> [What to do] Begin at the first line of the records below and, please, give each line again exactly until the line with "(* Let $x\ne" is included.

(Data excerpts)
★ ★ ★

Lemma omega_sets_inv_sub X h hinv S S' :
  continuous hinv -> cancel h hinv ->
  (forall T T', omega_sets X hinv T -> omega_sets X hinv T' -> T = T') ->
  (exists2 xi, dom_attr X h S xi & precompact_in X (fwd_orbit h xi)) ->
  omega_sets X hinv S' -> S' `<=` S.
Proof.
move=> hiC hK inv_eq [xi [_ <-] pc] S'inv.
have [y ly] := limset_nonempty pc.
rewrite (inv_eq S' (limset X hinv y)) //; last by exists y => //; case: ly.
exact: limset_inv_sub hiC hK ly.
Qed.

Lemma within_continuous_ball (Z : pseudoMetricType R) X (F : M -> Z) :
  {within X, continuous F} -> forall x, X x -> forall e : R, 0 < e ->
  exists2 d : R, 0 < d & forall w, X w -> ball x d w -> ball (F x) e (F w).
Proof.
move=> /subspace_continuousP FC x Xx e e0.
have := FC x Xx (ball (F x) e) (nbhsx_ballx _ _ e0).
rewrite /= nbhs_simpl /= => /nbhs_ballP[d d0 Hd].
by exists d => // w Xw /Hd; apply.
Qed.

End LimitSets.

(** * Closed fibers and Sierpinski's theorem on [0, 1] *)

Definition closed_fibers_in (T : topologicalType) (U : Type) (A : set T)
    (phi : T -> U) : Prop :=
  forall x, A x -> closure [set y | A y /\ phi y = phi x] `&` A `<=`
                   [set y | phi y = phi x].
(* Let $x\ne y$ be points of $\partial\mathbb{H}^2$ and let $r,s$ be two distinct vertices of the ladder $\mathcal{L}(x,y)$. Then $\mathcal{L}(r,s)\subseteq\mathcal{L}(x,y)$.
   Context: The Farey graph $\mathcal{F}$ has vertex set $\mathbb{Q}\cup\{\infty\}$ (vertices $p/q$ in lowest terms, $\infty=1/0$), with $p/q$ and $r/s$ adjacent iff $|ps-qr|=1$. It is embedded in $\overline{\mathbb{H}}=\mathbb{H}^2\cup\partial\mathbb{H}^2$ (upper half-plane model, $\partial\mathbb{H}^2=\mathbb{R}\cup\{\infty\}$) with edges realized as hyperbolic geodesics; the closures of the complementary regions are ideal triangles called Farey triangles. For distinct $x,y\in\partial\mathbb{H}^2$, the ladder $\mathcal{L}(x,y)$ is the union of all Farey triangles whose interior meets the hyperbolic geodesic from $x$ to $y$ (if $x,y$ are adjacent vertices this is empty). *)

From Stdlib Require Import Reals ZArith.
Open Scope R_scope.

(* Points of the boundary of H^2 (upper half-plane model): R ∪ {∞}. *)
Inductive bpt : Type := Fin (a : R) | Inf.

(* Points of closed H^2 = H^2 ∪ ∂H^2.  [HIn u v] stands for u + i v
   (it is a point of H^2 only when v > 0; all predicates below require it). *)
Inductive hpt : Type := HIn (u v : R) | HBd (p : bpt).

(* For distinct boundary points a, b, [sidefun a b u v] is a real function on
   H^2 whose zero set is the hyperbolic geodesic with endpoints a, b and whose
   sign distinguishes the two sides of it:
     a, b finite : |z|^2 - (a+b) Re z + a b   (zero on the semicircle on [a,b])
     one of them ∞, the other c finite : Re z - c (zero on the vertical line). *)
Definition sidefun (a b : bpt) (u v : R) : R :=
  match a, b with
  | Fin a, Fin b => u * u + v * v - (a + b) * u + a * b
  | Fin a, Inf => u - a
  | Inf, Fin b => u - b
  | Inf, Inf => 0
  end.

(* Sign of (the continuous extension of) [sidefun a b] at a boundary point c
   not equal to a, b: a positive multiple of the limiting value. *)
Definition sideval (a b c : bpt) : R :=
  match a, b, c with
  | Fin a, Fin b, Fin c => (c - a) * (c - b)
  | Fin a, Fin b, Inf => 1
  | Fin a, Inf, Fin c => c - a
  | Inf, Fin b, Fin c => c - b
  | _, _, _ => 0
  end.

Definition on_geodesic (x y : bpt) (u v : R) : Prop :=
  0 < v /\ sidefun x y u v = 0.
Lemma cycle_in_through V p a b c : cycle_in V p -> a \in p -> nbr e V a \subset [set b; c] ->
  exists q, perm_eq p [:: a, b & rcons q c] /\ cycle_in V [:: a, b & rcons q c].
Proof.
move=> cyc_p ap Na; have [_ _ _ cp] := cyc_p; have [q [pq cq]] := cycle_rot_to cp ap.
have [uq sq q3 _] := cycle_in_perm cyc_p pq cq.
case: q => [|z q] in pq cq uq sq q3 *; first by [].
case/lastP: q => [|m t] in pq cq uq sq q3 *; first by [].
move: (cq); rewrite cycle_cons /= last_rcons => /andP[/andP[az _] ta].
have zt : z != t by move: uq => /and3P[_ + _]; rewrite mem_rcons inE negb_or => /andP[].
have zbc : z \in [set b; c].
  by apply: (subsetP Na); rewrite in_nbr sq ?az // !inE eqxx orbT.
have tbc : t \in [set b; c].
  by apply: (subsetP Na); rewrite in_nbr e_sym ta sq // !inE mem_rcons inE eqxx !orbT.
case/set2P: zbc => Ez; case/set2P: tbc => Et; subst z t; rewrite ?eqxx // in zt.
- by exists m; split; last exact: cycle_in_perm cyc_p pq cq.
have revE : [:: a, b & rcons (rev m) c] = a :: rev [:: c & rcons m b].
  by rewrite rev_cons rev_rcons.
exists (rev m); rewrite revE; have pq' : perm_eq p (a :: rev [:: c & rcons m b]).
  by rewrite (perm_trans pq) // perm_cons perm_sym perm_rev.
by split; last exact: cycle_in_perm cyc_p pq' (cycle_rev_tail e_sym cq).
Qed.

Lemma cycle_in_twin_swap V p v w : cycle_in V p -> v \in p -> w \notin p -> w \in V ->
  nbr e V v = nbr e V w -> exists q, perm_eq p (v :: q) /\ cycle_in V (w :: q).
Proof.
move=> cyc_p vp wp wV Nvw; have [_ _ _ cp] := cyc_p.
have [q [pq cq]] := cycle_rot_to cp vp.
have [uq sq q3 _] := cycle_in_perm cyc_p pq cq.
have qV z : z \in q -> z \in V by move=> zq; apply: sq; rewrite inE zq orbT.
exists q; split=> //; split=> //.
- move: uq; rewrite !cons_uniq => /andP[_ ->]; rewrite andbT; apply: contra wp => wq.
  by rewrite (perm_mem pq) inE wq orbT.
- by move=> z; rewrite inE => /predU1P[->|/qV].
- rewrite -(cycle_cons_subst e_sym e_irr (v := v)) // => z zq.
  by move/setP: Nvw => /(_ z); rewrite !in_nbr qV.
Qed.

Lemma cycle_in_twins V p v w s1 s2 : cycle_in V p -> v \in p -> w \in p -> v != w ->
  nbr e V v = [set s1; s2] -> nbr e V w = [set s1; s2] -> size p = 4.
Proof.
move=> cyc_p vp wp vw Nv Nw.
have Nv_sub : nbr e V v \subset [set s1; s2] by rewrite Nv.
have [q [pq [uq sq _ cq]]] := cycle_in_through cyc_p vp Nv_sub.
have ws : w \notin [set s1; s2] by rewrite -Nw in_nbr e_irr andbF.
have wq : w \in q.
  move: wp; rewrite (perm_mem pq) !inE mem_rcons inE (eq_sym w v) (negbTE vw).
  by move: ws; rewrite !inE negb_or => /andP[/negbTE-> /negbTE->].
have [s1q s2q] : s1 \notin q /\ s2 \notin q.
  move: uq; rewrite !cons_uniq rcons_uniq mem_rcons inE negb_or.
  by case/and3P=> _ /andP[_ ->] /andP[->].
have not_wnbr z : z \in q -> ~~ e w z.
  move=> zq; apply/negP => wz.
  have : z \in nbr e V w by rewrite in_nbr wz sq // !inE mem_rcons inE zq !orbT.
  by rewrite Nw => /set2P[] Ez; rewrite -Ez zq in s1q s2q.
rewrite (perm_size pq); case/splitPr: wq => l m in cq s1q s2q not_wnbr *.
move: cq; rewrite cycle_cons /= rcons_cat cat_path /= => /andP[/and4P[_ _ lw wm] _].
have -> : l = [::].
  case/lastP: l lw not_wnbr {s1q s2q} => [//|l t]; rewrite last_rcons => tw nw.
  by have := nw t; rewrite e_sym tw mem_cat mem_rcons mem_head => /(_ isT).
case: m wm not_wnbr {s1q s2q} => [//|z m] /= /andP[wz _] nw.
by have := nw z; rewrite wz mem_cat !inE eqxx !orbT => /(_ isT).
Qed.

★ ★ ★

> [Final answer]
Lemma omega_sets_inv_sub X h hinv S S' :
  continuous hinv -> cancel h hinv ->
  (forall T T', omega_sets X hinv T -> omega_sets X hinv T' -> T = T') ->
  (exists2 xi, dom_attr X h S xi & precompact_in X (fwd_orbit h xi)) ->
  omega_sets X hinv S' -> S' `<=` S.
Proof.
move=> hiC hK inv_eq [xi [_ <-] pc] S'inv.
have [y ly] := limset_nonempty pc.
rewrite (inv_eq S' (limset X hinv y)) //; last by exists y => //; case: ly.
exact: limset_inv_sub hiC hK ly.
Qed.

Lemma within_continuous_ball (Z : pseudoMetricType R) X (F : M -> Z) :
  {within X, continuous F} -> forall x, X x -> forall e : R, 0 < e ->
  exists2 d : R, 0 < d & forall w, X w -> ball x d w -> ball (F x) e (F w).
Proof.
move=> /subspace_continuousP FC x Xx e e0.
have := FC x Xx (ball (F x) e) (nbhsx_ballx _ _ e0).
rewrite /= nbhs_simpl /= => /nbhs_ballP[d d0 Hd].
by exists d => // w Xw /Hd; apply.
Qed.

End LimitSets.

(** * Closed fibers and Sierpinski's theorem on [0, 1] *)

Definition closed_fibers_in (T : topologicalType) (U : Type) (A : set T)
    (phi : T -> U) : Prop :=
  forall x, A x -> closure [set y | A y /\ phi y = phi x] `&` A `<=`
                   [set y | phi y = phi x].
(* Let $x\ne y$ be points of $\partial\mathbb{H}^2$ and let $r,s$ be two distinct vertices of the ladder $\mathcal{L}(x,y)$. Then $\mathcal{L}(r,s)\subseteq\mathcal{L}(x,y)$.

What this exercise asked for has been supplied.